To overcome in-car network speed challenges, the BMW Group released the world’s first vehicle with Ethernet in 2008 and added more in-car communication on Ethernet in 2013. To make the additional features in 2013 possible, a new physical layer for Ethernet was created that was more suitable for automotive electro-magnetic interference (EMI) requirements. This version, standardized in IEEE as 100BASE-T1, runs over one single twisted pair, compared to traditional copper Ethernet that runs over two or four pairs, depending on link speed.

 

Defining a new communication network so different than existing automotive networks brings huge challenges.

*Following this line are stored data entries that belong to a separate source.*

(* [Phi = x + O(z)], hence [Phi^-1 = x^-1 + O(z)]. *)
Lemma coef2_Phi_inv_support :
  (forall j k, j < 0 -> coef2 (Phi^-1) j k = 0) /\
  (forall k, k < -1 -> coef2 (Phi^-1) 0 k = 0).
Proof.
have E : conv1 (lcoef Phi) (lcoef (Phi^-1)) = delta1 (laurent K).
  by rewrite -lcoefM mulfV ?Phi_neq0.
have Hu : forall i, i < 0 -> lcoef Phi i = 0.
  move=> i hi; apply/lcoef_inj/functional_extensionality => k.
  by have := congr1 (fun f => f i k) coef2_Phi; rewrite /coef2 /= => ->; rewrite phi_low.
have Hx : forall l, lcoef (lcoef Phi 0) l = (l == 1)%:R.
  by move=> l; have := congr1 (fun f => f 0 l) coef2_Phi; rewrite /coef2 => ->.
have Hu0 : lcoef Phi 0 != 0.
  by apply/eqP => /(congr1 (fun x => lcoef x 1)) /=; rewrite Hx /= => /eqP; rewrite oner_eq0.
have [neg r0] := conv1_inv_low (lcoefP _) Hu Hu0 E.
split=> [j k hj|k hk]; first by rewrite /coef2 neg.
rewrite /coef2 r0.
have Ey : conv1 (lcoef (lcoef Phi 0)) (lcoef (lcoef Phi 0)^-1) = delta1 K.
  by rewrite -lcoefM mulfV.
have := congr1 (fun f => f (k + 1)) Ey; rewrite /= /conv1 (@fsum_delta _ _ 1).
  by rewrite Hx eqxx mul1r /delta1 addrK (_ : k + 1 == 0 = false) //; lia.
by move=> l hl; rewrite Hx (negbTE hl) mul0r.
Qed.

Lemma coef2_Phi_support :
  [/\ forall j k, j < 0 -> coef2 Phi j k = 0 & forall k, k < 1 -> coef2 Phi 0 k = 0].
Proof.
rewrite coef2_Phi; split=> [j k|k hk]; first exact: phi_low.
by rewrite phi_at0 (_ : k == 1 = false) //; lia.
Qed.

Lemma coef2_Phi_exp_neg (m : int) j k : j < 0 -> coef2 (Phi ^ m) j k = 0.
Proof.
move=> hj; have [Q1 Q2] := coef2_Phi_inv_support; have [P1 P2] := coef2_Phi_support.
case: m => n.
  have [R _] := @coef2_exp_support _ Phi 1 0 0 P1 P2 (fun i k h => ltac:(lia)) n.
  by rewrite /exprz R.
have [R _] := @coef2_exp_support _ (Phi^-1) (-1) 0 0 Q1 Q2 (fun i k h => ltac:(lia)) n.+1.
by rewrite /exprz -exprVn R.
Qed.

Lemma coef2_Phi_exp_bound (J : nat) : exists C : nat, forall (m : int) j k,
  0 <= j <= J%:Z -> k < m - C%:Z -> coef2 (Phi ^ m) j k = 0.
Proof.
have [Q1 Q2] := coef2_Phi_inv_support; have [P1 P2] := coef2_Phi_support.
have [m1 Hm1] := lbounded_rows_uniform (proj2 (laurent2_coef2 Phi)) 1 J%:Z.
have [m2 Hm2] := lbounded_rows_uniform (proj2 (laurent2_coef2 (Phi^-1))) 1 J%:Z.
pose D1 := absz (1 - m1)%R; pose D2 := absz (-1 - m2)%R.
have P3 i k : 0 < i <= J%:Z -> k < 1 - D1%:Z -> coef2 Phi i k = 0.
  by move=> hi hk; apply: Hm1; rewrite /D1 in hk; lia.
have Q3 i k : 0 < i <= J%:Z -> k < -1 - D2%:Z -> coef2 (Phi^-1) i k = 0.
  by move=> hi hk; apply: Hm2; rewrite /D2 in hk; lia.
exists (J * D1 + J * D2)%N => m j k hj; case: m => n hk.
  by have [_ R] := coef2_exp_support P1 P2 P3 n; rewrite /exprz R //; nia.
have [_ R] := coef2_exp_support Q1 Q2 Q3 n.+1.
by rewrite /exprz -exprVn R //; nia.
Qed.

End PhiPowers.

Definition tr (V : Type) (F : int -> int -> V) : int -> int -> V := fun a b => F b a.

Section Lbounded2.
Variable V : zmodType.
Implicit Types F G : int -> int -> V.

Lemma lbounded2_neq0 F N m n :
  (forall m n, (m < N) || (n < N) -> F m n = 0) -> F m n != 0 -> N <= m /\ N <= n.
Proof. by move=> H nz; split; apply: contraR nz; rewrite -ltNge => h; rewrite H ?h ?orbT. Qed.

Lemma lbounded2_tr F : lbounded2 F -> lbounded2 (tr F).
Proof. by move=> [N H]; exists N => m n h; rewrite /tr H // orbC. Qed.

Lemma lbounded2_laurent2 F : lbounded2 F -> laurent2 F.
Proof.
move=> [N H]; split; first by exists N => j k h; rewrite H ?h.
by move=> j; exists N => k h; rewrite H ?h ?orbT.
Qed.

Lemma lbounded2_sum (I : Type) (r : seq I) (F : I -> int -> int -> V) :
  (forall i, lbounded2 (F i)) -> lbounded2 (fun m n => \sum_(i <- r) F i m n).
Proof.
move=> H; elim: r => [|x r [N HN]]; first by exists 0 => m n _; rewrite big_nil.
have [Nx HNx] := H x; exists (Num.min Nx N) => m n h.
by rewrite big_cons HNx ?HN ?addr0 //; move: h => /orP[] h; apply/orP; [left|right|left|right]; lia.
Qed.

End Lbounded2.

Lemma lbounded2_conv2 (K : fieldType) (V : lmodType K) (A : int -> int -> K)
    (F : int -> int -> V) : lbounded2 A -> lbounded2 F -> lbounded2 (conv2 A F).
Proof.
move=> [NA HA] [NF HF]; exists (NA + NF) => j k h; apply: fsum_eq0 => i; apply: fsum_eq0 => l.
apply/eqP; apply: contraTT h => /neq0_scaler [h1 h2].
have [q1 q2] := lbounded2_neq0 HA h1; have [q3 q4] := lbounded2_neq0 HF h2.
by rewrite negb_or -!leNgt; apply/andP; split; lia.
Qed.

(* The product of [V((x1, x2))], with [F m n] the coefficient of [x1^m x2^n]. *)
Definition conv12 (K : fieldType) (V : lmodType K) (f : int -> int -> K) (F : int -> int -> V) :=
  tr (conv2 (tr f) (tr F)).

Lemma conv12E (K : fieldType) (V : lmodType K) (f : int -> int -> K) (F : int -> int -> V) m n :
  conv12 f F m n = fsum (fun l => fsum (fun k => f k l *: F (m - k) (n - l))).
Proof. by []. Qed.

Section Substitution.
Variables (K : fieldType) (phi : int -> int -> K).
Hypothesis phi_low : forall j k, j < 0 -> phi j k = 0.
Hypothesis phi_rows : forall j, lbounded (phi j).
Hypothesis phi_at0 : forall k, phi 0 k = (k == 1)%:R.

Notation Phi := (of_coef2 phi).
Notation P m := (coef2 (Phi ^ m)).

(* [x1 = phi(x, z), x2 = x]: [subst2 F j k] is the coefficient of [z^j x^k]. *)
Definition subst2 (V : lmodType K) (F : int -> int -> V) : int -> int -> V :=
  fun j k => fsum (fun m => fsum (fun n => P m j (k - n) *: F m n)).

Lemma Phi_exp_neq0_row m j k : P m j k != 0 -> 0 <= j.
Proof. by apply: contraR; rewrite -ltNge => h; rewrite coef2_Phi_exp_neg ?eqxx. Qed.

Lemma Phi_exp_neq0_bound (j0 : int) (C : nat) :
  (forall (m : int) j k, 0 <= j <= (absz j0)%:Z -> k < m - C%:Z -> P m j k = 0) ->
  forall m j k, j <= j0 -> P m j k != 0 -> m - C%:Z <= k.
Proof.
move=> HC m j k hj nz; have h0 := Phi_exp_neq0_row nz; apply: contraR nz; rewrite -ltNge => h.
by rewrite HC ?eqxx //; lia.
Qed.

Lemma subst2_neg (V : lmodType K) (F : int -> int -> V) j k : j < 0 -> subst2 F j k = 0.
Proof.
by move=> hj; do 2 apply: fsum_eq0 => ?; rewrite coef2_Phi_exp_neg ?scale0r.
Qed.

Lemma subst2_box (V : lmodType K) (F : int -> int -> V) j k : lbounded2 F ->
  exists M, box2 (fun m n => P m j (k - n) *: F m n) M.
Proof.
move=> [N HN]; case: (ltrP j 0) => hj.
  by exists 0%N => m n _; rewrite coef2_Phi_exp_neg ?scale0r.
have [C HC] := coef2_Phi_exp_bound phi_low phi_rows phi_at0 (absz j).
exists (absz N + absz (k - N + C%:Z)%R + absz N + absz (k - N + C%:Z)%R)%N.
apply: box2_itv => m n /neq0_scaler [h1 h2].
have [q1 q2] := lbounded2_neq0 HN h2; have q3 := Phi_exp_neq0_bound HC (lexx j) h1.
by apply/andP; split; apply/andP; split; lia.
Qed.

Lemma laurent2_subst2 (V : lmodType K) (F : int -> int -> V) :
  lbounded2 F -> laurent2 (subst2 F).
Proof.
move=> [N HN]; split; first by exists 0 => j k hj; apply: subst2_neg.
move=> j; case: (ltrP j 0) => hj; first by exists 0 => k _; apply: subst2_neg.
have [C HC] := coef2_Phi_exp_bound phi_low phi_rows phi_at0 (absz j).
exists (N + N - C%:Z) => k hk; apply: fsum_eq0 => m; apply: fsum_eq0 => n.
apply/eqP; apply: contraTT hk => /neq0_scaler [h1 h2].
have [q1 q2] := lbounded2_neq0 HN h2; have q3 := Phi_exp_neq0_bound HC (lexx j) h1.
by rewrite -leNgt; lia.
Qed.

Lemma subst2_sum (V : lmodType K) (I : Type) (r : seq I) (F : I -> int -> int -> V) j k :
  (forall i, lbounded2 (F i)) ->
  subst2 (fun m n => \sum_(i <- r) F i m n) j k = \sum_(i <- r) subst2 (F i) j k.
Proof.
move=> H; elim: r => [|x r IH].
  by rewrite big_nil; do 2 apply: fsum_eq0 => ?; rewrite big_nil scaler0.
have [M1 H1] := subst2_box j k (H x).
have [M2 H2] := subst2_box j k (lbounded2_sum r H).
by rewrite big_cons -IH /subst2 -(fsum2D H1 H2); do 2 apply: eq_fsum => ?;
  rewrite big_cons scalerDr.
Qed.

End Substitution.

Section SubstitutionMultiplicative.
Variables (K : fieldType) (phi : int -> int -> K).
Hypothesis phi_low : forall j k, j < 0 -> phi j k = 0.
Hypothesis phi_rows : forall j, lbounded (phi j).
Hypothesis phi_at0 : forall k, phi 0 k = (k == 1)%:R.

Notation Phi := (of_coef2 phi).
Notation P m := (coef2 (Phi ^ m)).

Let P_row := Phi_exp_neq0_row phi_low phi_rows phi_at0.

Variables (V : lmodType K) (f : int -> int -> K) (F : int -> int -> V).
Hypotheses (Lf : lbounded2 f) (LF : lbounded2 F).

(* Multiplicativity of the substitution: both sides are expanded into the same
   six-fold sum, using [Phi^(c + a) = Phi^a * Phi^c]. *)
Lemma subst2_conv12_expand j k : 0 <= j ->
  subst2 phi (conv12 f F) j k = fsum (fun b => fsum (fun a => fsum (fun c => fsum (fun d =>
    fsum (fun i => fsum (fun l =>
      (P a i (l - b) * P c (j - i) (k - l - d)) *: (f a b *: F c d))))))).
Proof.
move=> hj; have [Nf Hf] := Lf; have [NF HF] := LF.
have [C HC] := coef2_Phi_exp_bound phi_low phi_rows phi_at0 (absz j).
have hP := Phi_exp_neq0_bound phi_low phi_rows phi_at0 HC.
have E1 : subst2 phi (conv12 f F) j k = fsum (fun m => fsum (fun n => fsum (fun b =>
    fsum (fun a => P m j (k - n) *: (f a b *: F (m - a) (n - b)))))).
  apply: eq_fsum => m; apply: eq_fsum => n.
  have HB : box2 (fun b a => f a b *: F (m - a) (n - b))
      (absz Nf + absz (n - NF)%R + absz Nf + absz (m - NF)%R).
    apply: box2_itv => b a /neq0_scaler [h1 h2].
    have [q1 q2] := lbounded2_neq0 Hf h1; have [q3 q4] := lbounded2_neq0 HF h2.
    by apply/andP; split; apply/andP; split; lia.
  by rewrite conv12E (fsum2_morph (h := fun v => P m j (k - n) *: v) _ _ HB) ?scaler0 //
    => x y; rewrite scalerDr.
have E2 : subst2 phi (conv12 f F) j k = fsum (fun b => fsum (fun a => fsum (fun c =>
    fsum (fun d => P (c + a) j (k - (d + b)) *: (f a b *: F c d))))).
  rewrite E1 (fsum4_exchange (box4_itv (a1 := Nf + NF) (b1 := k + C%:Z - Nf - NF)
    (a2 := Nf + NF) (b2 := k + C%:Z - Nf - NF) (a3 := Nf) (b3 := k + C%:Z - Nf - NF - NF)
    (a4 := Nf) (b4 := k + C%:Z - Nf - NF - NF) _)); last first.
    move=> m n b a /neq0_scaler [h1 /neq0_scaler [h2 h3]].
    have [q1 q2] := lbounded2_neq0 Hf h2; have [q3 q4] := lbounded2_neq0 HF h3.
    by have q5 := hP _ _ _ (lexx j) h1; split; apply/andP; split; lia.
  apply: eq_fsum => b; apply: eq_fsum => a.
  rewrite -(fsum_shift _ a); apply: eq_fsum => c.
  by rewrite -(fsum_shift _ b); apply: eq_fsum => d; rewrite /= !addrK.
rewrite E2; apply: eq_fsum => b; apply: eq_fsum => a; apply: eq_fsum => c; apply: eq_fsum => d.
have Phi_unit : Phi \is a GRing.unit by rewrite unitfE Phi_neq0.
rewrite addrC exprzDr // coef2M.
have HB : box2 (fun i l => (P a i l * P c (j - i) (k - (d + b) - l) : K^o))
    (absz 0 + absz j + absz (a - C%:Z)%R + absz (k - (d + b) - c + C%:Z)%R).
  apply: box2_itv => i l /neq0_mulf [h1 h2].
  have q1 := P_row h1; have q2 := P_row h2.
  have q3 := hP a i l ltac:(lia) h1; have q4 := hP c (j - i) _ ltac:(lia) h2.
  by apply/andP; split; apply/andP; split; lia.
rewrite (fsum2_morph (h := fun s : K^o => (s : K) *: (f a b *: F c d)) _ _ HB) ?scale0r //;
  last by move=> x y; rewrite scalerDl.
apply: eq_fsum => i; rewrite -[RHS](fsum_shift _ b); apply: eq_fsum => l.
by rewrite /= addrK; congr ((_ * P c _ _) *: _); lia.
Qed.

Lemma conv2_subst2_expand j k :
  conv2 (@subst2 _ phi K^o f) (subst2 phi F) j k = fsum (fun i => fsum (fun l => fsum (fun a =>
    fsum (fun b => fsum (fun c => fsum (fun d =>
      (P a i (l - b) * f a b) *: (P c (j - i) (k - l - d) *: F c d))))))).
Proof.
apply: eq_fsum => i; apply: eq_fsum => l.
have [M1 H1] := @subst2_box _ _ phi_low phi_rows phi_at0 K^o f i l Lf.
rewrite (fsum2_morph (h := fun s : K^o => (s : K) *: subst2 phi F (j - i) (k - l)) _ _ H1)
  ?scale0r //; last by move=> x y; rewrite scalerDl.
apply: eq_fsum => a; apply: eq_fsum => b.
have [M2 H2] := subst2_box phi_low phi_rows phi_at0 (j - i) (k - l) LF.
by rewrite -(fsum2_morph (h := fun v => (P a i (l - b) * f a b) *: v) _ _ H2) ?scaler0 //
  => x y; rewrite scalerDr.
Qed.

Adding to the challenges of validating this new physical layer, the BMW Group had a paradigm change in network design to deal with – automotive networks are moving from a bus or ring topology, from technologies like CAN/FlexRay or MOST to a star topology that is achieved with Ethernet switches. And besides testing the actual network itself, one needs to ensure that automotive electronic control units (ECUs) properly implement the higher layers that traditionally run over Ethernet (the TCP/IP stack), new protocols that had been adapted for automotive use such as Audio Video ridging (AVB), as well as new automotive-specific protocols like SOME/IP.

 

Validating Automotive Ethernet

There are four classes to validate automotive Ethernet:

• PHY or physical layer validation, for which tests are usually run for days or weeks

• Validation of multiple PHYs in an ECU – an implementation of classic Ethernet switch

• Validation of conformance for the various protocols used in the ECU

• Validation of deployed networks and debugging using automotive data loggers

 

Because Ethernet is a switched network, it opens up a lot of flexibility compared to traditional automotive busses when it comes to network design. The majority of the automotive ECUs in production have multiple ports, which allows them to connect to other ECUs. For such an ECU, it’s very important to validate that incoming frames are forwarded on the correct ports under all conditions.

 

IxNetwork, Ixia’s flagship product for Layer 2-3 network testing is a tool to validate automotive Ethernets. IxNetwork relies on hardware purpose-build to generate and measure traffic at line rate on hundreds of Ethernet ports. Even though speeds in the automotive field are not currently very high (100Mbps and 1Gbps), to test the performance and robustness of such switches, the BMW Group must be able to very accurately and predictably generate both expected and unusual traffic patterns for the car network, all using standard defined tests like RFC 2544 or RFC 2889. IxNetwork predictably and precisely generates traffic on multiple ports, which allows the customer to discover and reliably reproduce any network problems found.

 

In a sense, automotive data logging works by duplicating traffic of the in-car network links and saving the duplicated traffic to static storage, such as a hard disk drive (HDD) or a solid state drive (SSD). Using the predictability of IxNetwork, customers validate the data loggers by generating high-volume traffic patterns to characterize performance limits and bottlenecks, finding that in some cases, data loggers were actually dropping packets.

 

Because IxNetwork also supports AVB, the BMW Group can also test that the switches that support AVB aren’t dropping or delaying critical media traffic. They precisely measure and validate that endpoint devices that integrate AVB have the appropriate time synchronization quality, which is the foundation for proper media playback. 

 

Automakers implementing a best-of-breed approach use components from different suppliers, so they must ensure that all ECUs speak the exact same language. The BMW Group requires its vendors to follow the OPEN Alliance Technical Committee no. 8. (TC8) test process. To achieve this, the BMW Group was the main supporter of the TC8, which oversaw the development of the test specification for the TCP/IP protocol suite. To this, Ixia contributed about 90% of the 800 test cases that validate protocols such as IP, ARP, ICMP, TCP, UDP, DHCP, and SOME/IP from its time-proven protocol conformance Automated Network Validation Library (IxANVL). Besides the Test House process, IxANVL is used by the BMW Group to run secondary in-house validation to ensure flexibility in certain development situations.